At the primary level, Staff member Tracy Spaulding described DIBELS results and the district's emphasis on the five pillars of literacy: phonemic awareness, phonics, fluency, vocabulary and comprehension. Spaulding said the district's kindergarten through first-grade DIBELS scores exceeded national norms and showed large year-over-year growth in measures such as nonsense-word fluency and oral reading fluency.

"Beginning of the year kindergarteners have no clue as to what we're asking them to do... but as the year goes along, we went from having 3 here at the beginning of the year up to 24, and then the year at 41," Spaulding said, describing growth on a benchmark measure.

Presenters linked the early-literacy work to later gains on M-STEP. At Eagle Lake (the district elementary), third-grade ELA proficiency on M-STEP was reported at 53.4 percent, the highest in the area for third grade, and the district reported math proficiency roughly 8 percentage points above state averages in some grades.

The district is expanding targeted supports. Initiatives described include "success time" (small-group, standards-based intervention time), a new focus-math intervention for number sense and computation, monthly standards-based mastery checks using i-Ready, and continued rollout of Orton-Gillingham approaches for decoding and writing support. Middle- and high-school staff also described "double-block" success classes that give identified students two periods of reading or math for extra instruction.
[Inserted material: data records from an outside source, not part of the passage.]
Section Bellman.
Variables (R : realType) (X : countType) (P : bool -> X -> X -> R).
Variables (c : X -> bool -> R) (beta lam : R) (V : X -> R).
Hypotheses (beta01 : 0 < beta < 1) (P_stoch : stochastic P).
Hypotheses (c_bounded : bounded_cost c) (V_fixed : bellman_fixed_point P c beta lam V).

Local Notation H := (Hq P c beta lam V).
Local Notation g := (gpol P c beta lam V).
Local Notation W := (Wfun P beta lam V).

Let P_prob := stochasticP P_stoch.
Let beta_ge0 : 0 <= beta. Proof. by case/andP: beta01 => /ltW. Qed.
Let beta_lt1 : beta < 1. Proof. by case/andP: beta01. Qed.

Lemma V_le_Hq x a : V x <= H x a.
Proof. by rewrite V_fixed.2; case: a; rewrite ge_min lexx ?orbT. Qed.

Lemma Hq_gpol x : H x (g x) = V x.
Proof.
rewrite [RHS]V_fixed.2 /gpol.
by case lt_01: (_ < _) => /=; [rewrite min_l // ltW | rewrite min_r // leNgt lt_01].
Qed.

Lemma V_eq_Hq_active x : H x true <= H x false -> V x = H x true.
Proof. by move=> le_10; rewrite V_fixed.2 min_r. Qed.

Lemma Hq_activeE x : H x true = (1 - beta) * c x true + W x.
Proof. by rewrite /Hq /clam /Wfun; ring. Qed.

Lemma bounded_clam : exists M, forall x a, `|clam c lam x a| <= M.
Proof.
have [M le_cM] := c_bounded; exists (M + `|lam|) => x a.
rewrite /clam (le_trans (ler_normD _ _)) // lerD //.
by case: a => //; rewrite normr0.
Qed.

Lemma bounded_Hq : exists M, forall x a, `|H x a| <= M.
Proof.
have [M le_clamM] := bounded_clam; have [MV le_VM] := V_fixed.1.
exists (`|1 - beta| * M + `|beta| * MV) => x a.
rewrite /Hq (le_trans (ler_normD _ _)) // lerD // normrM ler_wpM2l //.
exact: csum_bounded.
Qed.

Lemma bounded_W : exists M, forall x, `|W x| <= M.
Proof.
have [MV le_VM] := V_fixed.1; exists (`|(1 - beta) * lam| + `|beta| * MV) => x.
rewrite /Wfun (le_trans (ler_normD _ _)) // lerD // normrM ler_wpM2l //.
exact: csum_bounded.
Qed.
Lemma lift_path_start i w : pev (lift_path i w) I0 = pev ((val (f0 w.1)).1 i) I0.
Proof. by rewrite pev_mkPX /lift_coord /lift_time /= mul0r ler01 clampI0. Qed.

Lemma lift_Mset w : Mset act n ((fun i => lift_path i w), (val (f0 w.1)).2).
Proof. by move=> i /=; rewrite !lift_path_start; exact: (MsetP (f0 w.1) i). Qed.

Definition lift (w : Z * I) : MG act n := mkMG (lift_Mset w).

Lemma lift_continuous : continuous lift.
Proof.
apply: mkMG_continuous => [i|].
  apply: mkPX_continuous.
  have -> : (fun p : (Z * I) * I => lift_coord i (p.1, p.2)) = lift_coord i.
    by apply/funext; case.
  exact: lift_coord_continuous.
apply: (@comp_continuous _ _ _ fst (fun z => (val (f0 z)).2) (@fst_continuous _ _)).
exact: (@comp_continuous _ _ _ f0 _ cf0 (@MG_labels_continuous _ _ act n)).
Qed.

Lemma evalMap_lift w : evalMap act n (lift w) = H w.
Proof.
case: w => z t; apply/funext => k.
rewrite /evalMap /= pev_mkPX /lift_coord /lift_time /= mul1r.
case: ifPn => [t0|]; last by rewrite (addrC 1) addrK clampIK.
have -> : t = I0.
  apply: val_inj => /=; have /andP[t_ge0 _] := valI_bounds t.
  have : (0 <= sval t)%R := t_ge0; lra.
by rewrite /= addr0 clampI1 -Hf0.
Qed.

Lemma lift0 z : lift (z, I0) = f0 z.
Proof.
apply: val_inj => /=; rewrite [RHS]surjective_pairing; congr pair.
apply/funext => i; apply: PX_ext => s.
rewrite pev_mkPX /lift_coord /lift_time /= addr0 mulr1.
by have /andP[_ ->] := valI_bounds s; rewrite clampIK.
Qed.

End Lifting.

Lemma evalMap_fibration (gT : finGroupType) (X : topologicalType)
    (act : X -> gT -> X) (n : nat) :
  hurewicz_fibration (evalMap act n).
Proof.
move=> Z H f0 cH cf0 Hf0; exists (lift cH cf0 Hf0).
by split; [exact: lift_continuous | exact: evalMap_lift | exact: lift0].
Qed.

Lemma fibration_section (E B : topologicalType) (p : E -> B) (U : set B) :
  hurewicz_fibration p -> has_homotopy_section p U ->
  exists2 s : sub U -> E, continuous s & forall u, p (s u) = val u.
Proof.
move=> fib [s [cs [K [cK K0 K1]]]].
have [L [cL pL L0]] := fib _ K s cK cs (fun u => esym (K0 u)).
exists (fun u => L (u, I1)); last by move=> u; rewrite pL K1.
apply: (@comp_continuous _ _ _ (fun u => (u, I1)) L) => //.
by apply: pair_continuous; [move=> u; exact: cvg_id | exact: cst_continuous].
Qed.

Lemma eq_secat (E1 E2 B : topologicalType) (p1 : E1 -> B) (p2 : E2 -> B) :
  (forall U, has_homotopy_section p1 U <-> has_homotopy_section p2 U) ->
  secat p1 = secat p2.
Proof.
move=> hU.
have hk k : secat_le p1 k <-> secat_le p2 k.
  by split => -[U [oU cU sU]]; exists U; split => // i; apply/hU.
rewrite /secat; case: pselect => h1; case: pselect => h2 //.
- congr Some; apply/eqP; rewrite eqn_leq.
  case: ex_minnP => k1 /asboolP hk1 min1; case: ex_minnP => k2 /asboolP hk2 min2.
  by rewrite min1 ?min2 //; apply/asboolP; apply/hk.
- by case: h2; case: h1 => k /hk; exists k.
- by case: h1; case: h2 => k /hk; exists k.
Qed.

Section HomotopySections.
Variables (gT : finGroupType) (X : topologicalType) (act : X -> gT -> X) (n : nat).
Hypothesis hact : continuous_right_action act.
At the middle school, presenters highlighted unusually strong social-studies and science results and said the school is using paired courses and success classes as tier-2 supports. "One of the biggest indicators for student growth is the amount of time students spend in direct instruction," a middle-school presenter said.

High-school presenter Mike Dandren reported SAT and AP updates: Edwardsburg's reported SAT average rose to 1,063.2 this year (a rebound from 1,046 the prior year), and the district said 149 students were enrolled in AP courses this year. Dandren said 91 percent of students who took an AP course last year earned a 3 or better on at least one AP exam (120 of 132 students), though presenters clarified that students may take multiple AP exams and that the total number of exams differs from the number of students who took exams.

Dandren and other staff also described a significant dual-enrollment program: about two-thirds of juniors and seniors were reported enrolled in dual-enrollment courses, and the district said it intends to add AP microeconomics, macroeconomics and art in the coming year to increase AP access.

District leaders emphasized curriculum alignment and multi-year implementation of new materials, including a recent science-adoption pacing guide and professional development tied to late-start days. Administrators framed the work as a mix of bottom-up classroom practices and top-down curricular alignment: using frequent assessment checkpoints to identify gaps, then scheduling targeted interventions to close them.

Board members asked about comparables and proficiency definitions; presenters said proficiency percentages were based on state M-STEP cut scores and that comparable schools were selected by size and demographic criteria. The work session was discussion-only; the board did not take action on instructional items during the session.